***NEW BLOG COMING SOON***
I took a break from writing this blog to explore important possible life directions. I wasn’t happy with my progress both on the financial front or the creative side.
This blog began as a one year diary to document my new adventures into traveling and living outside of Canada. From the postings made in my first months of living in Asia back in 2009 to the ones of late, anyone can clearly see how much my life has changed. I vowed to close this diary up when I left Korea at the end of my second term. But even though my ticket home was booked on an Air Canada flight with a window seat and a space under my chair reserved for Keiko (the cat would come later), I didn’t board that flight three months ago.
I was offered a last minute opportunity that I simply couldn’t turn down.
Three months later and an eternity it seems that I have last written anything, I am still here. Although I can’t actually say that honestly as I am not anywhere near the same place I was when I first arrived here both geographically and emotionally. I am not working in a conventional nine to five public school job and living in paid for accommodation. I don’t think I ever will again. Nothing did more to destroy my optimism than being stuck in one place from nine to five. I found myself unable to make time for anything. Waking up at seven was just enough time to shower, walk the dog, and go to school. When I got home at four in the afternoon I was famished and exhausted in a way that didn’t make sense. I didn’t do any hard laboring. I barely taught five classes a day. I would spend half the hours idling away in a cozy public school office refreshing the Facebook homepage, depleting stories on news websites, and YouTube videos. I decided then that I would much prefer to work/teach class after class until my legs quivered from exhaustion and my voice withered away than to sit for three hours and do absolutely nothing. And I don’t think any pay raise would have made that feeling change.
So by four in the afternoon, I would have just enough in me to take the dog to the park, make dinner, and then watch a movie or do another brain numbing activity. I gave up drinking on weekdays so my social life went away with it. When I met up with the locals on the weekend or days I could be bothered to go out, they annoyed me with their silly life stories and general attitude of acceptance with the same life I was living. When my second year was coming to an end, I didn’t want to go back to Canada with a student debt etched to me like some ill gotten tattoo in my youth. Worst, I couldn’t go back and tell my father that except for memories backpacking to tropical countries once so alluring, I had nothing to show for two years of absence in his life.
A week before I left Icheon, I got a job offer that could provide for me financially. I had a chance to really pay off my student loans by the time I was 25. And the kicker was I only worked from noon to three. I finally had a job that didn’t center on bartending into the middle of the night or “teaching” at a public school that took up the best part of the day. I now exist in a world I didn’t understand before, the noon world where I had mornings to make pancakes for breakfast if I wanted to or go jogging with Keiko if I wanted to. I make appointments to get my hair cut in the mornings, I visit coffee shops to sit and pretend to write, or I watch TV. I am out when the sun is out.
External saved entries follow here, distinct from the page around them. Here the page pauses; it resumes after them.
(* Assume $\|\mathbf{x}_t\|_\infty\le1$ for all $t$. For any $\tau\ge1$, let $\mathbf{z}_\tau=\mathbf{h}_{\tau^2}\hat{\mathbf{w}}_{\tau-1}-\mathbf{x}_{\tau^2}\mathbf{x}_{\tau^2}^\top\hat{\mathbf{w}}_{\tau-1}$. Then for all $i\in[d]$, $$|z_{\tau,i}|\le\frac{(d-1)(d-2)}{(k-1)(k-2)}\|\hat{\mathbf{w}}_{\tau-1}\|_1,\qquad\mathbb{E}_\tau[z_{\tau,i}^2]\le\frac{2(d-1)}{k-1}\|\hat{\mathbf{w}}_{\tau-1}\|_1^2.$$
   Context: Integers $3\le k\le d-3$, $[d]=\{1,\dots,d\}$. SAMPLING$(k,d,\mathbf{w})$ for nonzero $\mathbf{w}\in\mathbb{R}^d$: with $q_i=|w_i|/\|\mathbf{w}\|_1$, draw $I_1\in[d]$ with $\mathbb{P}(I_1=i)=q_i$, then $k-1$ distinct indices uniformly without replacement from $[d]\setminus\{I_1\}$; output the $k$-set $B$. At round $\tau$, $B_\tau=$SAMPLING$(k,d,\hat{\mathbf{w}}_{\tau-1})$ for a nonzero vector $\hat{\mathbf{w}}_{\tau-1}$ determined by $B_1,\dots,B_{\tau-1}$ ($\hat{\mathbf{w}}_0=\frac1d\mathbf{1}_d$). $\mathbb{P}$ and $\mathbb{E}_\tau[\cdot]=\mathbb{E}[\cdot\mid B_1,\dots,B_{\tau-1}]$ are over $B_\tau$. The instance $\mathbf{x}_{\tau^2}\in\mathbb{R}^d$ is fixed given the past; $h_{\tau^2}[i,i]=\frac{x_{\tau^2,i}^2}{\mathbb{P}[i\in B_\tau]}\mathbb{I}_{i\in B_\tau}$ and $h_{\tau^2}[i,j]=\frac{x_{\tau^2,i}x_{\tau^2,j}}{\mathbb{P}[i,j\in B_\tau]}\mathbb{I}_{i,j\in B_\tau}$ for $i\ne j$. *)

From mathcomp Require Import all_boot all_order all_algebra.
Set Implicit Arguments. Unset Strict Implicit. Unset Printing Implicit Defensive.
Import Order.TTheory GRing.Theory Num.Theory.
Local Open Scope ring_scope.

Section Sampling.
Variables (R : realFieldType) (d k : nat).

Definition norm1 (w : 'I_d -> R) : R := \sum_(i < d) `|w i|.

Definition qprob (w : 'I_d -> R) (i : 'I_d) : R := `|w i| / norm1 w.

(* the (k-1)-subsets of [d] \ {i}: possible outcomes of drawing k-1 distinct
   indices uniformly without replacement from [d] \ {i} (as a set) *)
Definition rest_sets (i : 'I_d) : {set {set 'I_d}} :=
  [set A : {set 'I_d} | (A \subset [set~ i]) && (#|A| == k.-1)%N].

(* probability that SAMPLING(k,d,w) outputs the set B:
   P(B) = sum_i q_i * sum_{A in rest_sets i} (1/#|rest_sets i|) [i |: A = B] *)
Definition samp_prob (w : 'I_d -> R) (B : {set 'I_d}) : R :=
  \sum_(i < d) qprob w i *
    \sum_(A in rest_sets i) (if i |: A == B then (#|rest_sets i|%:R)^-1 else 0).

Definition Expect (w : 'I_d -> R) (f : {set 'I_d} -> R) : R :=
  \sum_(B : {set 'I_d}) samp_prob w B * f B.

Definition pin1 (w : 'I_d -> R) (i : 'I_d) : R :=
  \sum_(B : {set 'I_d} | i \in B) samp_prob w B.
Definition pin2 (w : 'I_d -> R) (i j : 'I_d) : R :=
  \sum_(B : {set 'I_d} | (i \in B) && (j \in B)) samp_prob w B.
(* The pairs of [Q] are split into those inside the range, those outside it, and mixed pairs
   whose point in the range has odd, resp. even, index; [swap_out a 0] moves the second and
   third kind into the range, [swap_out a 1] the fourth. *)
Lemma involution_in_subgroup Q : involution Q -> K Q.
Proof.
  intro HQ.
  set (odd_point z := in_range a z /\ range_inv a z mod 2 = 1).
  set (both_in u v := in_range a u /\ in_range a v).
  set (both_out u v := ~ in_range a u /\ ~ in_range a v).
  set (with_odd u v := odd_point u \/ odd_point v).
  assert (Snot : forall T, symmetric T -> symmetric (fun u v => ~ T u v))
    by (unfold symmetric; eauto).
  assert (Sin : symmetric both_in) by (unfold symmetric, both_in; tauto).
  assert (Sout : symmetric both_out) by (unfold symmetric, both_out; tauto).
  assert (Sodd : symmetric with_odd) by (unfold symmetric, with_odd; tauto).
  assert (Even : forall y, ~ odd_point (a (2 * y))).
  { intros y [_ E]. rewrite range_inv_a in E by exact Ha.
    replace (2 * y mod 2) with 0 in E by (apply Nat.mod_unique with y; lia). discriminate. }
  assert (Odd : forall y, odd_point (a (2 * y + 1))).
  { intro y. split; [eexists; reflexivity|]. rewrite range_inv_a by exact Ha.
    symmetry. apply Nat.mod_unique with y; lia. }
  apply (involution_split both_in); auto.
  { apply involution_fixing_complement; [apply restrict_involution; auto|].
    intros y N. apply restrict_fixed. intros [Hy _]. exact (N Hy). }
  set (Q1 := restrict (fun u v => ~ both_in u v) Q).
  apply (involution_split both_out); [auto | apply restrict_involution; auto | |].
  { apply (involution_fixing_swapped 0);
      [lia | apply restrict_involution, restrict_involution; auto|].
    intros y _. unfold Q1. rewrite restrict_restrict. apply restrict_fixed.
    unfold both_out. intros [[Ny _] _]. apply Ny. eexists; reflexivity. }
  set (Q2 := restrict (fun u v => ~ both_out u v) Q1).
  assert (HQ2 : involution Q2) by (apply restrict_involution, restrict_involution; auto).
  apply (involution_split with_odd); auto.
  - apply (involution_fixing_swapped 0); [lia | apply restrict_involution; auto|].
    intros y _. unfold Q2, Q1. rewrite !restrict_restrict. apply restrict_fixed.
    rewrite Nat.add_0_r. unfold with_odd. intros [[[H|[Hin _]] _] Nin]; [exact (Even y H)|].
    apply Nin. split; [eexists; reflexivity | exact Hin].
  - apply (involution_fixing_swapped 1); [lia | apply restrict_involution; auto|].
    intros y _. unfold Q2, Q1. rewrite !restrict_restrict. apply restrict_fixed.
    intros [[N _] _]. apply N. left. apply Odd.
Qed.
End RangeGenerators.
I have more love for my teaching and freedom to independently make lesson plans. By three in the afternoon I am wired with energy and glowing with positivity. I think of elaborate dinners I can make from scratch, tasting flavors new to me, or finding hobbies.
I have a clear goal in mind and am taking huge efforts to attain it. I have given myself to my 25th birthday to accomplish this. As this idea buried itself into my head and I worked effortlessly to put it in spin, I noticed I haven’t written a single thing for months. Perhaps the longest I have gone wordless.
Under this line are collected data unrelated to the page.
(* Two facts pin down tau_F.  First, X_G lies in the span of the X_{P_lambda}:
   expanding "proper" edge by edge (inclusion-exclusion) writes X_G as a
   combination of products of power sums p_c, one factor per component of a
   spanning subgraph, and p_c is in the span by induction on c, because the same
   expansion for the path P_c is +-p_c plus products of p_c' with c' < c.
   Second, truncating to K+2 variables and setting them all to 1/(K+1) sends
   X_F, for a forest with n vertices and m components, to
   (K+2)^m (K+1)^(n-m) / (K+1)^n = r_K^m with r_K = (K+2)/(K+1); this is the
   leaf-removal count of proper colourings.  Any expansion of X_F therefore has
   tau(r_K) = r_K^m for infinitely many distinct r_K, whence tau_F = x^m. *)

From HB Require Import structures.
From mathcomp Require Import all_boot all_order all_algebra.
From mathcomp Require Import mpoly.
From Stdlib Require Import ClassicalEpsilon.
Set Implicit Arguments. Unset Strict Implicit. Unset Printing Implicit Defensive.

Section ForestLeaf.
Variables (T : finType) (e : rel T).
Hypotheses (e_sym : ssrbool.symmetric e) (e_irr : irreflexive e) (e_acyclic : acyclic e).

Lemma acyclic_path_return v u r w :
  uniq [:: v, u & r] -> path e v (u :: r) -> e w v -> w \notin r.
Proof.
move=> U P ewv; apply/negP => wr; case/splitPr: wr U P => r1 r2 U P.
apply: e_acyclic.
exists [:: v, u & r1 ++ [:: w]]; split.
- by move: U; rewrite -(cat1s w r2) !catA -!cat_cons cat_uniq => /andP[].
- by rewrite /= size_cat addn1.
- move: P; rewrite /cycle -(cat1s w r2) catA -cat_cons cat_path => /andP[P _].
  by rewrite rcons_path P /= last_cat.
Qed.

Lemma forest_leaf x y : e x y -> exists v u, e v u /\ forall w, e v w -> w = u.
Proof.
move=> exy.
have [/existsP[v /existsP[u /andP[evu /forallP leaf]]]|nleaf] :=
  boolP [exists v, exists u, e v u && [forall w, e v w ==> (w == u)]].
  by exists v, u; split=> // w /(implyP (leaf w))/eqP.
have other_nbr v u : e v u -> exists2 w, e v w & w != u.
  move: nleaf; rewrite negb_exists => /forallP/(_ v).
  rewrite negb_exists => /forallP/(_ u) /[swap] ->.
  by rewrite negb_forall => /existsP[w]; rewrite negb_imply => /andP[]; exists w.
have long_path n : exists v u r, [&& uniq [:: v, u & r], path e v (u :: r) & size r == n].
  elim: n => [|n [v [u [r /and3P[U P /eqP <-]]]]].
    exists y, x, [::]; rewrite /= e_sym exy !andbT inE.
    by apply: contraTneq exy => ->; rewrite e_irr.
  have [w evw wu] := other_nbr v u (andP P).1.
  have wv : w != v by apply: contraTneq evw => ->; rewrite e_irr.
  exists w, v, (u :: r); apply/and3P; split; last by [].
  - rewrite cons_uniq U andbT !inE negb_or wv (negPf wu) /=.
    by rewrite (acyclic_path_return U P) // e_sym.
  - by rewrite /= e_sym evw.
have [v [u [r /and3P[U _ /eqP size_r]]]] := long_path #|T|.
have := max_card (mem [:: v, u & r]).
by rewrite (card_uniqP U) /= size_r => /ltnW; rewrite ltnn.
Qed.
End ForestLeaf.

Definition ffun_set (T : finType) (C : Type) (k : {ffun T -> C}) (v : T) (c : C) :=
  [ffun x => if x == v then c else k x].

Lemma big_ffun_set (R : Type) (idx : R) (op : Monoid.com_law idx)
    (T C : finType) (v : T) (z : C) (F : {ffun T -> C} -> R) :
  \big[op/idx]_(k : {ffun T -> C}) F k =
  \big[op/idx]_(k : {ffun T -> C} | k v == z) \big[op/idx]_(c : C) F (ffun_set k v c).
Proof.
rewrite (partition_big (fun k => ffun_set k v z) (fun k => k v == z)) /=; last first.
  by move=> k _; rewrite ffunE eqxx.
apply: eq_bigr => k /eqP kvz.
rewrite (partition_big (fun k' : {ffun T -> C} => k' v) xpredT) //=.
apply: eq_bigr => c _; rewrite (big_pred1 (ffun_set k v c)) // => k' /=.
apply/andP/eqP => [[/eqP <- /eqP <-]|->].
  by apply/ffunP => x; rewrite !ffunE; case: eqP => // ->.
split; apply/eqP; last by rewrite ffunE eqxx.
by apply/ffunP => x; rewrite !ffunE; case: eqP => // ->.
Qed.

Lemma sum_nat_of_bool (I : finType) (P : pred I) : \sum_i (P i : nat) = #|P|.
Proof.
by rewrite -sum1_card [RHS]big_mkcond; apply: eq_bigr => i _; rewrite unfold_in; case: (P i).
Qed.

Definition n_proper_col (T : finType) (e : rel T) (K : nat) : nat :=
  \sum_(k : {ffun T -> 'I_K}) (proper_col e k : nat).

Definition isolate (T : finType) (e : rel T) (v : T) : rel T :=
  [rel x y | [&& e x y, x != v & y != v]].

Section Isolate.
Variables (T : finType) (e : rel T) (v : T).

Lemma isolate_sym : ssrbool.symmetric e -> ssrbool.symmetric (isolate e v).
Proof. by move=> e_sym x y; rewrite /isolate /= e_sym (andbC (x != v)). Qed.

Lemma isolate_irr : irreflexive e -> irreflexive (isolate e v).
Proof. by move=> e_irr x; rewrite /isolate /= e_irr. Qed.

Lemma isolate_acyclic : acyclic e -> acyclic (isolate e v).
Proof.
move=> e_acyclic [c [U S C]]; apply: e_acyclic; exists c; split => //.
by apply: sub_cycle C => x y /andP[].
Qed.

Lemma card_edges_isolate u : e v u ->
  #|[set p : T * T | isolate e v p.1 p.2]| < #|[set p : T * T | e p.1 p.2]|.
Proof.
move=> evu; apply: proper_card; apply/properP; split.
  by apply/subsetP => p; rewrite !inE => /andP[].
by exists (v, u); rewrite !inE /isolate /= ?eqxx ?andbF.
Qed.

Lemma proper_col_set_isolated K (k : {ffun T -> 'I_K}) c :
  proper_col (isolate e v) (ffun_set k v c) = proper_col (isolate e v) k.
Proof.
apply: eq_forallb => x; apply: eq_forallb => y; rewrite /isolate /=.
case: (boolP [&& e x y, x != v & y != v]) => // /and3P[_ xv yv].
by rewrite !ffunE (negPf xv) (negPf yv).
Qed.

Lemma n_comp_isolate_pred1 : ssrbool.symmetric e -> n_comp (isolate e v) (pred1 v) = 1.
Proof.
move=> e_sym; rewrite -(n_comp_connect (sym_connect_sym (isolate_sym e_sym)) v).
apply: eq_n_comp_r => x; rewrite !inE; apply/eqP/idP => [->|]; first exact: connect0.
by case/connectP => [[|a p]] /= => [_ ->|/andP[/and3P[_ /negP]]].
Qed.

End Isolate.

Section Leaf.
Variables (T : finType) (e : rel T) (v u : T).
Hypotheses (e_sym : ssrbool.symmetric e) (e_irr : irreflexive e).
Hypotheses (evu : e v u) (leaf : forall w, e v w -> w = u).

Let uv : u != v. Proof. by apply: contraTneq evu => ->; rewrite e_irr. Qed.

Lemma proper_col_set_leaf K (k : {ffun T -> 'I_K}) c :
  proper_col e (ffun_set k v c) = proper_col (isolate e v) k && (c != k u).
Proof.
apply/idP/andP => [/forallP col|[/forallP col cku]].
  split; last by have := forallP (col v) u; rewrite evu !ffunE eqxx (negPf uv).
  apply/forallP => x; apply/forallP => y; apply/implyP => /and3P[exy xv yv].
  by have := forallP (col x) y; rewrite exy !ffunE (negPf xv) (negPf yv).
apply/forallP => x; apply/forallP => y; apply/implyP => exy; rewrite !ffunE.
have [xv|xv] := eqVneq x v; first by subst x; rewrite (leaf exy) (negPf uv).
have [yv|yv] := eqVneq y v.
  by subst y; rewrite e_sym in exy; rewrite (leaf exy) eq_sym.
by have := forallP (col x) y; rewrite /isolate /= exy xv yv.
Qed.

Lemma n_proper_col_leaf K :
  K.+1 * n_proper_col e K.+1 = K * n_proper_col (isolate e v) K.+1.
Proof.
rewrite /n_proper_col !(big_ffun_set _ v ord0) !big_distrr /=.
apply: eq_bigr => k _.
under eq_bigr do rewrite proper_col_set_leaf.
under [in RHS]eq_bigr do rewrite proper_col_set_isolated.
rewrite sum_nat_const card_ord.
case: (proper_col (isolate e v) k) => /=; last by rewrite big1 ?muln0.
have -> : \sum_(c < K.+1) (c != k u : nat) = K.
  by rewrite (sum_nat_of_bool (predC1 (k u))) cardC1 card_ord.
by rewrite muln1 mulnC.
Qed.

Let retract x := if x == v then u else x.

Lemma rel_adjunction_isolate_leaf : rel_adjunction retract (isolate e v) e [predC pred1 v].
Proof.
split=> [x|x y _].
  by rewrite !inE => /negPf xv; exists x; rewrite /retract xv connect0.
apply/idP/idP.
  case/connectP => p; elim: p x => [|a p IHp] x /=; first by move=> _ ->.
  case/andP => exa /IHp {}IHp /IHp; apply: connect_trans.
  rewrite /retract; have [xv|xv] := eqVneq x v.
    by move: exa; rewrite xv => /leaf ->; rewrite (negPf uv).
  have [av|av] := eqVneq a v.
    by move: exa; rewrite av e_sym => /leaf ->; exact: connect0.
  by apply: connect1; rewrite /isolate /= exa xv av.
have csym := sym_connect_sym e_sym.
have retract_conn z : connect e z (retract z).
  by rewrite /retract; case: eqP => [->|_]; [apply: connect1|].
move=> conn_retract; apply: connect_trans (retract_conn x) _; rewrite csym.
apply: connect_trans (retract_conn y) _; rewrite csym.
by apply: connect_sub conn_retract => a b /and3P[eab _ _]; apply: connect1.
Qed.

Lemma n_comp_isolate_leaf : n_comp (isolate e v) T = (n_comp e T).+1.
Proof.
have csym' := sym_connect_sym (isolate_sym v e_sym).
rewrite (n_compC (pred1 v)) n_comp_isolate_pred1 // add1n; congr _.+1.
have closed_v : closed (isolate e v) [predC pred1 v].
  by move=> x y /and3P[_ xv yv]; rewrite !inE xv yv.
rewrite (adjunction_n_comp retract csym' (sym_connect_sym e_sym) closed_v
  rel_adjunction_isolate_leaf).
by apply: eq_n_comp_r => x; rewrite !inE /retract; case: (eqVneq x v).
Qed.

End Leaf.

Lemma n_comp_le_card (T : finType) (e : rel T) : n_comp e T <= #|T|.
Proof. exact: max_card. Qed.

Section Edgeless.
Variables (T : finType) (e : rel T).
Hypothesis no_edge : forall x y, ~~ e x y.

Lemma n_proper_col_edgeless K : n_proper_col e K = K ^ #|T|.
Proof.
rewrite /n_proper_col (eq_bigr (fun _ => 1)) ?sum1_card ?card_ffun ?card_ord // => k _.
apply/eqP; rewrite eqb1; apply/forallP => x; apply/forallP => y.
by rewrite (negPf (no_edge x y)).
Qed.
I realized it was because I had nothing more to contribute to Away We Go. With a new work schedule, new short term goals, and new city to live in (downtown Seoul), I am ready to start a new story.
So this is my thanks to all of you back home, here in Korea, or those I met travelling who have followed me on my journey in the last two and a half years with Away We Go. Thank you from the bottom of my heart for tuning in.
your job sounds amazing!! i can't believe it. I wish it were mine!